SUPPLIED RECORDS:
Lemma hollow3_kernel (K : fieldType) (f : 'I_3 -> 'I_3 -> K) :
  f 0 1 * f 1 2 * f 2 0 + f 0 2 * f 1 0 * f 2 1 = 0 ->
  exists2 P : 'rV[K]_3, P != 0 &
    forall r, P 0 (r + 1) * f r (r + 1) + P 0 (r + 2) * f r (r + 2) = 0.
Proof.
rewrite -det_hollow3 -det_tr => /eqP/det0P[P nP PM0]; exists P => // r.
have /rowP/(_ r) := PM0; rewrite !mxE (big_I3_cycle _ _ r) /= !mxE eqxx.
by case: (I3_neq r) => /negPf-> /negPf-> _; rewrite mulr0 add0r.
Qed.

Lemma closed_field_avoid (K : closedFieldType) (u : K) : exists t : K, t != 0 /\ t != u.
Proof.
have p_neq0 : 'X * ('X - u%:P) != 0 :> {poly K}.
  by rewrite mulf_neq0 ?polyX_eq0 ?polyXsubC_eq0.
have [t] := closed_nonrootP _ p_neq0; rewrite rootE !hornerE mulf_eq0 negb_or subr_eq0.
by case/andP=> ? ?; exists t.
Qed.

Lemma pencil_cubic_eq0 (K : fieldType) (t al be e01 e02 e10 e12 e20 e21 f20 f21 : K) :
  t != 0 -> be - t * al != 0 -> al * e20 + be * f20 = 0 -> al * e21 + be * f21 = 0 ->
  t * e01 * e12 * (e20 + t * f20) + t * e02 * e10 * (e21 + t * f21) = 0 ->
  e01 * e12 * e20 + e02 * e10 * e21 = 0.
Proof.
move=> nt nbt h20 h21 hdet; apply/eqP.
have : t * (be - t * al) * (e01 * e12 * e20 + e02 * e10 * e21) =
    be * (t * e01 * e12 * (e20 + t * f20) + t * e02 * e10 * (e21 + t * f21))
    - t ^+ 2 * (e01 * e12 * (al * e20 + be * f20) + e02 * e10 * (al * e21 + be * f21)).
  by ring.
rewrite hdet h20 h21 !(mulr0, addr0, subr0) => /eqP.
by rewrite !mulf_eq0 (negPf nt) (negPf nbt).
Qed.

Section LinearForms.
Variable K : fieldType.
Implicit Types (l x y : 'rV[K]_4) (U V : 'M[K]_(2, 4)).

Lemma lin_evalE l x : lin_eval l x = (x *m l^T) 0 0.
Proof. by rewrite /lin_eval !mxE; apply: eq_bigr => j _; rewrite !mxE mulrC. Qed.

Lemma sub_hplane_row x l : (x <= hplane l)%MS = (lin_eval l x == 0).
Proof.
rewrite sub_hplane lin_evalE; apply/eqP/eqP => [-> | x_l]; first by rewrite mxE.
by apply/matrixP => i j; rewrite !ord1 x_l mxE.
Qed.

Lemma lin_evalDr l x y (s t : K) :
  lin_eval l (s *: x + t *: y) = s * lin_eval l x + t * lin_eval l y.
Proof. by rewrite !lin_evalE mulmxDl -!scalemxAl !mxE. Qed.

Lemma lin_evalDl l1 l2 x (s t : K) :
  lin_eval (s *: l1 + t *: l2) x = s * lin_eval l1 x + t * lin_eval l2 x.
Proof. by rewrite !lin_evalE linearD !linearZ /= mulmxDr -!scalemxAr !mxE. Qed.

Lemma lin_eval_eq0 m (Y : 'M_(m, 4)) l x :
  (Y <= hplane l)%MS -> (x <= Y)%MS -> lin_eval l x = 0.
Proof. by move=> Yl xY; apply/eqP; rewrite -sub_hplane_row (submx_trans xY Yl). Qed.

Lemma form_vanishes_on_hplane l U : form_vanishes_on l U -> (U <= hplane l)%MS.
Proof.
move=> lU; rewrite sub_hplane; apply/eqP/matrixP => i j; rewrite ord1 [RHS]mxE.
by have := lU (row i U) (row_sub i U); rewrite lin_evalE -row_mul mxE.
Qed.

Lemma pt_eval_lin_poly l x : pt_eval (lin_poly l) x = lin_eval l x.
Proof.
rewrite /pt_eval /lin_poly /lin_eval (big_morph _ (mevalD _) (meval0 _)).
by apply: eq_bigr => i _; rewrite mevalZ mevalXU.
Qed.

Lemma skew_lines_full U V : is_line U -> is_line V -> ~~ lines_meet U V -> row_full (U + V)%MS.
Proof.
rewrite /is_line /lines_meet negbK => rU rV /eqP UV0.
by rewrite /row_full; have := mxrank_sum_cap U V; rewrite UV0 mxrank0 rU rV addn0 => ->.
Qed.

Lemma skew_sub_eq0 m (X : 'M_(m, 4)) U V :
  ~~ lines_meet U V -> (X <= U)%MS -> (X <= V)%MS -> X = 0.
Proof.
rewrite /lines_meet negbK => /eqP UV0 XU XV.
by apply/eqP; rewrite -submx0 -UV0 sub_capmx XU.
Qed.

Lemma points_span_line U V W x y : is_line U -> ~~ lines_meet V W ->
  (x <= U)%MS -> (y <= U)%MS -> (x <= V)%MS -> (y <= W)%MS -> x != 0 -> y != 0 ->
  (U <= x + y)%MS.
Proof.
move=> rU VW xU yU xV yW nx ny.
have xy0 : (x :&: y)%MS = 0.
  by apply: skew_sub_eq0 VW (submx_trans (capmxSl x y) xV) (submx_trans (capmxSr x y) yW).
have rxy : \rank (x + y)%MS = 2%N.
  by have := mxrank_sum_cap x y; rewrite xy0 mxrank0 !rank_rV nx ny addn0.
have xyU : (x + y <= U)%MS by rewrite addsmx_sub xU.
by rewrite -(geq_leqif (mxrank_leqif_sup xyU)) rxy rU.
Qed.

End LinearForms.

(** * The matrix R of a double-six *)

Section DoubleSixPlanes.
Variables (k : closedFieldType) (F : {mpoly k[4]}).
Variables (a b : 'I_6 -> 'M[k]_(2, 4)) (pi : 'I_6 -> 'I_6 -> 'rV[k]_4).
Hypothesis ab_double_six : double_six F a b.
Hypothesis pi_planes : forall i j : 'I_6, i != j ->
  pi i j != 0 /\ form_vanishes_on (pi i j) (b i) /\ form_vanishes_on (pi i j) (a j).

Implicit Types (i j : 'I_6) (w P : 'rV[k]_3) (r s t : 'I_3) (c : 'rV[k]_(3 + 3)).

Local Notation p3 r s := (pi (i36 r) (i36 s)).
Local Notation a3 r := (a (i36 r)).
Local Notation b3 r := (b (i36 r)).

Lemma a_rank i : \rank (a i) = 2%N.
Proof. by case: ab_double_six => /(_ i)[]. Qed.

Lemma b_rank i : \rank (b i) = 2%N.
Proof. by case: ab_double_six => /(_ i)[_ []]. Qed.

Lemma a_skew i j : i != j -> ~~ lines_meet (a i) (a j).
Proof. by case: ab_double_six => _ [+ _]; apply. Qed.

Lemma b_skew i j : i != j -> ~~ lines_meet (b i) (b j).
Proof. by case: ab_double_six => _ [_ [+ _]]; apply. Qed.
Lemma binom_redundant (fp fm : {cmonom (Vset P)}) (p q r s : Vset P) :
  p != q -> (0 < fp p)%N -> (0 < fp q)%N -> (0 < fm r)%N ->
  mmul (phi_varm Hf Vf hs (val p)) (phi_varm Hf Vf hs (val q)) =
    mmul (phi_varm Hf Vf hs (val r)) (phi_varm Hf Vf hs (val s)) ->
  inJ Hf Vf hs (binom K fp fm) -> (3 <= bdeg fp fm)%N ->
  redundant Hf Vf hs (binom K fp fm) (bdeg fp fm).
Proof.
move=> pq fp_p fp_q fm_r Epq fJ fdeg.
set x_pq := mmul (ucm p) (ucm q); set x_rs := mmul (ucm r) (ucm s).
have fpE : fp = mmul x_pq (divcm fp x_pq) by rewrite mmul_divcm //; exact: ucmM_le.
have fmE : fm = mmul (ucm r) (divcm fm (ucm r)).
  by rewrite mmul_divcm // => i; rewrite cmU; case: eqP => [<-|].
move: (divcm fp x_pq) (divcm fm (ucm r)) fpE fmE => u w fpE fmE.
have pq_rsJ : phim x_pq = phim x_rs by rewrite !phimM !phimU.
have su_wJ : phim (mmul (ucm s) u) = phim w.
  apply: (@mmulI _ (phi_varm Hf Vf hs (val r))).
  move/inJ_binomP: fJ; rewrite fpE fmE phimM pq_rsJ !phimM !phimU.
  by rewrite mulmA.
exists [:: (<< u >>, (x_pq, x_rs)); (<< ucm r >>, (mmul (ucm s) u, w))]; split.
- move=> t; rewrite !inE => /orP[] /eqP -> /=; split; try exact/inJ_binomP.
  + by move: fdeg; rewrite /bdeg !mdegM !mdegU.
  + by move: fdeg; rewrite /bdeg fpE fmE !mdegM !mdegU; lia.
- rewrite big_cons big_seq1 fpE fmE /=.
  apply: binom_telescope.
  by rewrite mulmC -mulmA.
Qed.

End MonomialImage.

Lemma holem_corners P hs a b : hole_list P hs -> inner_interval P a b ->
  mmul (holem hs a) (holem hs b) = mmul (holem hs (a.1, b.2)) (holem hs (b.1, a.2)).
Proof.
move=> [_ holesP] ab; apply/eqP/cmP => i.
rewrite !cmM !cm_prod !(big_mkcond (fun t => inF _ _)) -!big_split; apply: eq_bigr => k _ /=.
have /hole_llc_notin : is_hole P (nth fset0 hs k) by apply/holesP/mem_nth.
move/(inF_inner_corners ab); set c := llc _.
by case: (inF c a) (inF c b) (inF c (a.1, b.2)) (inF c (b.1, a.2)) => [] [] [] [];
  rewrite /= ?addn0 ?add0n //; lia.
Qed.

Definition corner_pair (a b x y : nat * nat) : Prop := x = a /\ y = b \/ x = b /\ y = a.

Lemma corner_pair_neq a b x y : a != b -> corner_pair a b x y -> x != y.
Proof. by move=> ab [[-> ->]|[-> ->]]; rewrite // eq_sym. Qed.

Lemma corner_pair_complete (A : {fset (nat * nat)}) a b (r : A) :
  a \in A -> b \in A -> val r = a \/ val r = b -> exists s : A, corner_pair a b (val r) (val s).
Proof. by move=> aA bA [] ->; [exists [` bA]; left | exists [` aA]; right]. Qed.

Section InnerIntervalImages.

Variables (P : {fset cell}) (hs : seq {fset cell}) (Hf Vf : nat * nat -> nat * nat * nat).
Hypothesis hhs : hole_list P hs.
Hypothesis hHf : forall a, a \in Vset P -> is_maxhint P (Hf a) /\ hset (Hf a) a.
Hypothesis hVf : forall a, a \in Vset P -> is_maxvint P (Vf a) /\ vset (Vf a) a.

Local Notation G a := (phi_varm Hf Vf hs a).

Lemma Hf_eq I x y : x \in Vset P -> y \in Vset P ->
  is_hint P I -> hset I x -> hset I y -> Hf x = Hf y.
Proof.
move=> /hHf[mx xx] /hHf[my yy].
exact: (maximal_fun_eq (@hint_join P) (@hset_inj P) mx xx my yy).
Qed.

Lemma Vf_eq I x y : x \in Vset P -> y \in Vset P ->
  is_vint P I -> vset I x -> vset I y -> Vf x = Vf y.
Proof.
move=> /hVf[mx xx] /hVf[my yy].
exact: (maximal_fun_eq (@vint_join P) (@vset_inj P) mx xx my yy).
Qed.

Lemma phi_varm_corners a b : inner_interval P a b ->
  mmul (G a) (G b) = mmul (G (a.1, b.2)) (G (b.1, a.2)).
Proof.
move=> ab; have [aV bV cV dV] := inner_interval_corners ab.
have W := holem_corners hhs ab.
case: a b ab aV bV cV dV W => [a1 a2] [b1 b2] [/= lt1 lt2 inP] aV bV cV dV W.
have eH1 : Hf (a1, a2) = Hf (b1, a2).
  apply: (Hf_eq (I := (a1, b1, a2)) aV dV); rewrite /hset /= ?eqxx //; try lia.
  by split=> /= [|t /= ht]; [lia | rewrite /hedge inP ?orbT //; lia].
have eH2 : Hf (b1, b2) = Hf (a1, b2).
  apply: (Hf_eq (I := (a1, b1, b2)) bV cV); rewrite /hset /= ?eqxx //; try lia.
  by split=> /= [|t /= ht]; [lia | rewrite /hedge (inP t b2.-1) ?orbT //; lia].
have eV1 : Vf (a1, a2) = Vf (a1, b2).
  apply: (Vf_eq (I := (a1, a2, b2)) aV cV); rewrite /vset /= ?eqxx //; try lia.
  by split=> /= [|t /= ht]; [lia | rewrite /vedge inP ?orbT //; lia].
have eV2 : Vf (b1, b2) = Vf (b1, a2).
  apply: (Vf_eq (I := (b1, a2, b2)) bV dV); rewrite /vset /= ?eqxx //; try lia.
  by split=> /= [|t /= ht]; [lia | rewrite /vedge (inP b1.-1 t) ?orbT //; lia].
apply/eqP/cmP => i; move/(congr1 (fun m : {cmonom tvar} => m i)): W.
by rewrite /phi_varm !cmM /= eH1 eH2 eV1 eV2; lia.
Qed.

Lemma phi_varm_diagonals a b x y z w :
  inner_interval P a b -> corner_pair a b x y -> corner_pair (a.1, b.2) (b.1, a.2) z w ->
  mmul (G x) (G y) = mmul (G z) (G w).
Proof.
move=> ab xy zw; have E := phi_varm_corners ab.
case: xy zw => -[-> ->] [] [-> ->].
- exact: E.
- by rewrite E [RHS]mulmC.
- by rewrite [LHS]mulmC E.
- by rewrite [LHS]mulmC E [RHS]mulmC.
Qed.

End InnerIntervalImages.

Theorem lemma4p2 (K : fieldType) (P : {fset cell}) (hP : polyomino P)
  (hs : seq {fset cell}) (hhs : hole_list P hs)
  (Hf Vf : nat * nat -> nat * nat * nat)
  (hHf : forall a, a \in Vset P -> is_maxhint P (Hf a) /\ hset (Hf a) a)
  (hVf : forall a, a \in Vset P -> is_maxvint P (Vf a) /\ vset (Vf a) a)
  (fp fm : {cmonom (Vset P)})
  (hfJ : @inJ K P Hf Vf hs (@binom K _ fp fm))
  (hdeg : (3 <= bdeg fp fm)%N)
  (p q r : Vset P)
  (hp : (0 < fp p)%N) (hq : (0 < fp q)%N) (hr : (0 < fm r)%N)
  (hcorner : exists a b : nat * nat, inner_interval P a b /\
     ( ( (val p = a /\ val q = b \/ val p = b /\ val q = a) /\
         (val r = (a.1, b.2) \/ val r = (b.1, a.2)) )
     \/ ( (val p = (a.1, b.2) /\ val q = (b.1, a.2) \/
           val p = (b.1, a.2) /\ val q = (a.1, b.2)) /\
          (val r = a \/ val r = b) ) )) :
  @redundant K P Hf Vf hs (@binom K _ fp fm) (bdeg fp fm).
Proof.
case: hcorner => a [b [ab corners]].
have [aV bV cV dV] := inner_interval_corners ab.
have [ab_neq cd_neq] := inner_interval_neq ab.
have val_neq (x y : Vset P) : val x != val y -> x != y by apply: contra_neq => ->.
case: corners => [[pq r_anti] | [pq r_diag]].
- have [s rs] := corner_pair_complete cV dV r_anti.
  apply: (binom_redundant (s := s) _ hp hq hr _ hfJ hdeg).
    exact/val_neq/(corner_pair_neq ab_neq pq).
  exact (phi_varm_diagonals hhs hHf hVf ab pq rs).
- have [s rs] := corner_pair_complete aV bV r_diag.
  apply: (binom_redundant (s := s) _ hp hq hr _ hfJ hdeg).
    exact/val_neq/(corner_pair_neq cd_neq pq).
  exact/esym/(phi_varm_diagonals hhs hHf hVf ab rs pq).
Qed.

EXERCISE:
In the listing, return each line containing the string "negPf".

RESPONSE TO THE EXERCISE:
by case: (I3_neq r) => /negPf-> /negPf-> _; rewrite mulr0 add0r.
by rewrite !mulf_eq0 (negPf nt) (negPf nbt).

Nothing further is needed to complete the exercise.